Peter Fleischer, Google's Global Privacy Counsel, declined to comment on the changes and adoption of Article 17. However, Fleischer referred to his statement posted in Google's 'Thoughts on the Right to be Forgotten', on 16 February 2012, which stated: "Ultimately, responsibility for deleting content published online should lie with the person or entity who published it. Host providers store this information on behalf of the content provider and so have no original right to delete the data. Similarly, search engines index any publicly available information to make it searchable. They too have no direct relationship with the original content. We're supportive of the principles behind the right to be forgotten - and believe that it's possible to implement this concept in a way that not only enhances privacy online, but also fosters free expression for all."

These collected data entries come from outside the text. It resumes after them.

Section lebesgue_measure_preserving.
Context {R : realType}.
Local Notation mu := (@lebesgue_measure R).
Variable phi : R -> R.
Hypothesis mphi : measurable_fun setT phi.
Hypothesis phi_ocitv : forall a b : R, mu (phi @^-1` `]a, b]) = mu `]a, b].

Let pushforward_lebesgue_measure A : measurable A -> pushforward mu phi A = mu A.
Proof.
(* The cast selects the measurable structure of [measurableTypeR R], on
   which [lebesgue_measure_unique] is stated. *)
move=> mA; apply/esym; apply: (@lebesgue_measure_unique R
  (pushforward mu (phi : measurableTypeR R -> measurableTypeR R)) _ A mA).
by move=> _ [[a b] _ <-]; exact/esym/phi_ocitv.
Qed.

Lemma ge0_integral_preimage (D : set R) (psi : R -> \bar R) : measurable D ->
  measurable_fun D psi -> (forall x, D x -> (0 <= psi x)%E) ->
  (\int[mu]_(x in phi @^-1` D) psi (phi x) = \int[mu]_(y in D) psi y)%E.
Proof.
move=> mD mpsi psi0.
have psi0_in : {in D, forall y, (0 <= psi y)%E} by move=> y /[!inE]; exact: psi0.
rewrite -[LHS]/(\int[mu]_(x in _) (psi \o phi) x)%E.
rewrite -(@ge0_integral_pushforward _ _ (measurableTypeR R) (measurableTypeR R)
  R phi mphi mu D psi mD mpsi psi0_in).
by apply: eq_measure_integral => A mA _; exact: pushforward_lebesgue_measure.
Qed.

End lebesgue_measure_preserving.

Section lebesgue_integral_change_of_variables.
Context {R : realType}.
Local Notation mu := (@lebesgue_measure R).
Variable psi : R -> \bar R.
Hypotheses (mpsi : measurable_fun setT psi) (psi_ge0 : forall x, (0 <= psi x)%E).

Lemma ge0_integral_itv_shift (c a b : R) :
  (\int[mu]_(x in `[a, b]) psi (x + c) =
   \int[mu]_(x in `[(a + c)%R, (b + c)%R]) psi x)%E.
Proof.
have preimage_itv (b1 b2 : bool) (x y : R) :
    (fun z => z + c) @^-1` [set` Interval (BSide b1 x) (BSide b2 y)] =
    [set` Interval (BSide b1 (x - c)) (BSide b2 (y - c))].
  by apply/seteqP; split=> z; case: b1 b2 => -[];
    rewrite /= !in_itv /= ?lerBlDr ?ltrBlDr ?lerBrDr ?ltrBrDr.
have shift_ocitv x y : mu ((fun z => z + c) @^-1` `]x, y]) = mu `]x, y].
  rewrite preimage_itv !lebesgue_measure_itv /= !lte_fin ltrD2r -!EFinB.
  by congr (if _ then _%:E else _); ring.
rewrite -(@ge0_integral_preimage _ _ (measurable_fun_shift c) shift_ocitv
  `[(a + c)%R, (b + c)%R]) //.
  by rewrite preimage_itv !addrK.
exact: measurable_funS mpsi.
Qed.

Lemma ge0_integral_itv_reflect (c a b : R) :
  (\int[mu]_(x in `[a, b]) psi (c - x) =
   \int[mu]_(x in `[(c - b)%R, (c - a)%R]) psi x)%E.
Proof.
have preimage_itv (b1 b2 : bool) (x y : R) :
    (fun z => c - z) @^-1` [set` Interval (BSide b1 x) (BSide b2 y)] =
    [set` Interval (BSide (~~ b2) (c - y)) (BSide (~~ b1) (c - x))].
  by apply/seteqP; split=> z; case: b1 b2 => -[];
    rewrite /= !in_itv /= => /andP[? ?]; apply/andP; split; lra.
have reflect_ocitv x y : mu ((fun z => c - z) @^-1` `]x, y]) = mu `]x, y].
  rewrite preimage_itv !lebesgue_measure_itv /= !lte_fin ltrD2l ltrN2 -!EFinB.
  by congr (if _ then _%:E else _); ring.
rewrite -(@ge0_integral_preimage _ _ (measurable_fun_reflect c) reflect_ocitv
  `[(c - b)%R, (c - a)%R]) //.
  by rewrite preimage_itv !subKr.
exact: measurable_funS mpsi.
Qed.

Lemma ge0_integral_itv_split (a b c : R) : a <= b <= c ->
  (\int[mu]_(x in `[a, c]) psi x =
   \int[mu]_(x in `[a, b]) psi x + \int[mu]_(x in `[b, c]) psi x)%E.
Proof.
move=> /andP[ab bc].
rewrite (@itv_bndbnd_setU _ _ (BLeft a) (BLeft b) (BRight c)) ?bnd_simp //.
rewrite ge0_integral_setU //.
- by rewrite integral_itv_bndo_bndc //; exact: measurable_funS mpsi.
- exact: measurable_funS mpsi.
- apply/disj_setPS => x [] /=; rewrite !in_itv /= => /andP[_ xb] /andP[bx _].
  by have := lt_le_trans xb bx; rewrite ltxx.
Qed.

Lemma ge0_integral_itv_periodic (p a : R) :
  0 < p -> (forall x, psi (x + p) = psi x) ->
  (\int[mu]_(x in `[a, (a + p)%R]) psi x = \int[mu]_(x in `[0%R, p]) psi x)%E.
Proof.
move=> p0 psip; wlog /andP[a0 ap] : a / 0 <= a <= p.
  move=> in_period; have [k /andP[k0 kp]] := intmul_shift_itv a p0.
  have -> : a + p = a - p *~ k + p + p *~ k by rewrite addrAC subrK.
  rewrite -[X in `[X, _]](subrK (p *~ k) a) -ge0_integral_itv_shift.
  under eq_integral do rewrite periodicz //.
  by apply: in_period; rewrite k0 ltW.
rewrite (ge0_integral_itv_split (b := p)); last by apply/andP; split; lra.
rewrite [RHS](ge0_integral_itv_split (b := a)) ?a0 // addeC; congr (_ + _)%E.
rewrite -[p in `[p, _]]add0r -ge0_integral_itv_shift.
by apply: eq_integral => x _; rewrite psip.
Qed.

End lebesgue_integral_change_of_variables.

Section complex_modulus.
Context {R : realType}.
Implicit Types w z : R[i].

Lemma cmodE z : cmod z = Num.sqrt (complex.Re z ^+ 2 + complex.Im z ^+ 2).
Proof. by case: z. Qed.

Lemma cmod_ge0 z : 0 <= cmod z.
Proof. by rewrite cmodE sqrtr_ge0. Qed.

Lemma normr_Re_le_cmod z : `|complex.Re z| <= cmod z.
Proof. by rewrite cmodE -sqrtr_sqr ler_sqrt ?addr_ge0 ?sqr_ge0 // lerDl sqr_ge0. Qed.

Lemma normr_Im_le_cmod z : `|complex.Im z| <= cmod z.
Proof. by rewrite cmodE -sqrtr_sqr ler_sqrt ?addr_ge0 ?sqr_ge0 // lerDr sqr_ge0. Qed.

Lemma cmodM w z : cmod (w * z) = cmod w * cmod z.
Proof. exact: Normc.normcM. Qed.

Lemma cmodB_le w z : cmod (w - z) <= cmod w + cmod z.
Proof. by rewrite /cmod -(normcN z); exact: le_normcD. Qed.

Lemma cmod_real (c : R) : 0 <= c -> cmod c%:C%C = c.
Proof. by move=> c0; rewrite cmodE /= expr0n addr0 sqrtr_sqr ger0_norm. Qed.

Lemma ReIm_dot_le w z :
  complex.Re w * complex.Re z + complex.Im w * complex.Im z <= cmod w * cmod z.
Proof.
rewrite !cmodE -sqrtrM ?addr_ge0 ?sqr_ge0 //; apply: le_trans (ler_norm _) _.
rewrite -sqrtr_sqr ler_sqrt ?mulr_ge0 ?addr_ge0 ?sqr_ge0 //.
have := sqr_ge0 (complex.Re w * complex.Im z - complex.Im w * complex.Re z); nra.
Qed.

Lemma cmodB_le2 w z : cmod w <= 1 -> cmod z <= 1 -> cmod (w - z) <= 2.
Proof. by move=> w1 z1; apply: le_trans (cmodB_le _ _) _; rewrite -[2]/(1 + 1) lerD. Qed.

End complex_modulus.

Section complex_measurable.
Context {R : realType}.
Implicit Types h : R -> R[i].

Definition cmeasurable h : Prop :=
  measurable_fun setT (fun x => complex.Re (h x)) /\
  measurable_fun setT (fun x => complex.Im (h x)).

Lemma cmeasurable_comp h (phi : R -> R) :
  cmeasurable h -> measurable_fun setT phi -> cmeasurable (fun x => h (phi x)).
Proof.
by move=> [mRe mIm] mphi; split; [exact: measurableT_comp mRe mphi|
  exact: measurableT_comp mIm mphi].
Qed.

Lemma cmeasurableB h1 h2 :
  cmeasurable h1 -> cmeasurable h2 -> cmeasurable (fun x => h1 x - h2 x).
Proof.
move=> [mRe1 mIm1] [mRe2 mIm2]; split.
- rewrite (_ : (fun x => _) = fun x => complex.Re (h1 x) - complex.Re (h2 x)).
    exact: measurable_funB.
  by apply/funext => x; case: (h1 x) (h2 x) => ? ? [].
- rewrite (_ : (fun x => _) = fun x => complex.Im (h1 x) - complex.Im (h2 x)).
    exact: measurable_funB.
  by apply/funext => x; case: (h1 x) (h2 x) => ? ? [].
Qed.

Lemma cmeasurableM h1 h2 :
  cmeasurable h1 -> cmeasurable h2 -> cmeasurable (fun x => h1 x * h2 x).
Proof.
move=> [mRe1 mIm1] [mRe2 mIm2]; split.
- rewrite (_ : (fun x => _) = fun x => complex.Re (h1 x) * complex.Re (h2 x)
                                    - complex.Im (h1 x) * complex.Im (h2 x)).
    by apply: measurable_funB; exact: measurable_funM.
  by apply/funext => x; case: (h1 x) (h2 x) => ? ? [].
- rewrite (_ : (fun x => _) = fun x => complex.Re (h1 x) * complex.Im (h2 x)
                                    + complex.Im (h1 x) * complex.Re (h2 x)).
    by apply: measurable_funD; exact: measurable_funM.
  by apply/funext => x; case: (h1 x) (h2 x) => ? ? [].
Qed.

Lemma cmeasurable_shiftB h (r : R) :
  cmeasurable h -> cmeasurable (fun x => h (x + r) - h x).
Proof.
by move=> mh; exact: cmeasurableB (cmeasurable_comp mh (measurable_fun_shift r)) mh.
Qed.

Lemma measurable_cmod h :
  cmeasurable h -> measurable_fun setT (fun x => cmod (h x)).
Proof.
move=> [mRe mIm]; under eq_fun do rewrite cmodE.
apply: measurableT_comp (continuous_measurable_fun (@sqrt_continuous R)) _.
by apply: measurable_funD; exact: measurable_funX.
Qed.

End complex_measurable.

Section complex_integral.
Context {R : realType}.
Local Notation mu := (@lebesgue_measure R).
Variables (D : set R) (mD : measurable D) (Dfin : (mu D < +oo)%E).
Implicit Types (h : R -> R[i]) (M : R).

Lemma integrable_bounded (u : R -> R) M : measurable_fun D u ->
  (forall x, D x -> `|u x| <= M) -> mu.-integrable D (EFin \o u).
Proof.
move=> um uM; apply: measurable_bounded_integrable => //.
rewrite /bounded_near; near=> M' => x Dx /=; rewrite (le_trans (uM x Dx)) //.
Unshelve. all: by end_near. Qed.

Lemma integrableZl_EFin (k : R) (u : R -> R) : mu.-integrable D (EFin \o u) ->
  mu.-integrable D (EFin \o (fun x => k * u x)).
Proof. exact: (@integrableZl _ _ _ mu D mD k (EFin \o u)). Qed.

Lemma integrableD_EFin (u v : R -> R) : mu.-integrable D (EFin \o u) ->
  mu.-integrable D (EFin \o v) -> mu.-integrable D (EFin \o (fun x => u x + v x)).
Proof. exact: (@integrableD _ _ _ mu D mD (EFin \o u) (EFin \o v)). Qed.

Section bounded.
Variables (h : R -> R[i]) (M : R).
Hypotheses (mh : cmeasurable h) (hM : forall x, cmod (h x) <= M).

Lemma integrable_Re : mu.-integrable D (EFin \o (fun x => complex.Re (h x))).
Proof.
apply: (integrable_bounded (M := M)); first exact: measurable_funS mh.1.
by move=> x _; exact: le_trans (normr_Re_le_cmod _) (hM x).
Qed.

Lemma integrable_Im : mu.-integrable D (EFin \o (fun x => complex.Im (h x))).
Proof.
apply: (integrable_bounded (M := M)); first exact: measurable_funS mh.2.
by move=> x _; exact: le_trans (normr_Im_le_cmod _) (hM x).
Qed.

Lemma integrable_cmod : mu.-integrable D (EFin \o (fun x => cmod (h x))).
Proof.
apply: (integrable_bounded (M := M)).
  exact: measurable_funS (measurable_cmod mh).
by move=> x _; rewrite ger0_norm ?cmod_ge0.
Qed.

Lemma cmod_cintegral_le :
  cmod (cintegral D h) <= Rintegral mu D (fun x => cmod (h x)).
Proof.
(* With w the integral, |w|^2 = int (Re w Re h + Im w Im h) <= |w| int |h|. *)
set w := cintegral D h; have [->|w0] := eqVneq (cmod w) 0.
  by apply: Rintegral_ge0 => x _; exact: cmod_ge0.
have wE : cmod w * cmod w = Rintegral mu D (fun x =>
    complex.Re w * complex.Re (h x) + complex.Im w * complex.Im (h x)).
  rewrite RintegralD ?RintegralZl //.
  - by rewrite -expr2 cmodE sqr_sqrtr ?addr_ge0 ?sqr_ge0 // !expr2.
  - exact: integrable_Im.
  - exact: integrable_Re.
  - exact: integrableZl_EFin integrable_Re.
  - exact: integrableZl_EFin integrable_Im.
have w_gt0 : 0 < cmod w by rewrite lt_neqAle eq_sym w0 cmod_ge0.
rewrite -(ler_pM2l w_gt0) wE -RintegralZl //; last exact: integrable_cmod.
apply: le_Rintegral => //; last by move=> x _; exact: ReIm_dot_le.
- by apply: integrableD_EFin; apply: integrableZl_EFin;
    [exact: integrable_Re | exact: integrable_Im].
- exact: integrableZl_EFin integrable_cmod.
Qed.

End bounded.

The National Court of Spain also previously referred the question of the right to be forgotten to the Court of Justice of the European Union (CJEU) as reported by DataGuidance. Rafael García del Poyo, Partner at Osborne Clarke, said: "'Full' right to be forgotten must recognise that the real power of the use of personal data comes essentially from the metadata created by the companies by generating huge databases indexable, searchable and very valuable of the data produced by users.''
ENISA experts have expressed concerns about the technical hurdles to enforcement of the right, as it is remains difficult in an open system to restrict the re-publication of data where sharing is primary. ENISA has also noted that cases may arise where there are conflicting wishes on whether a piece of information should be deleted, for instance when two people appear in a photograph and one wants it deleted.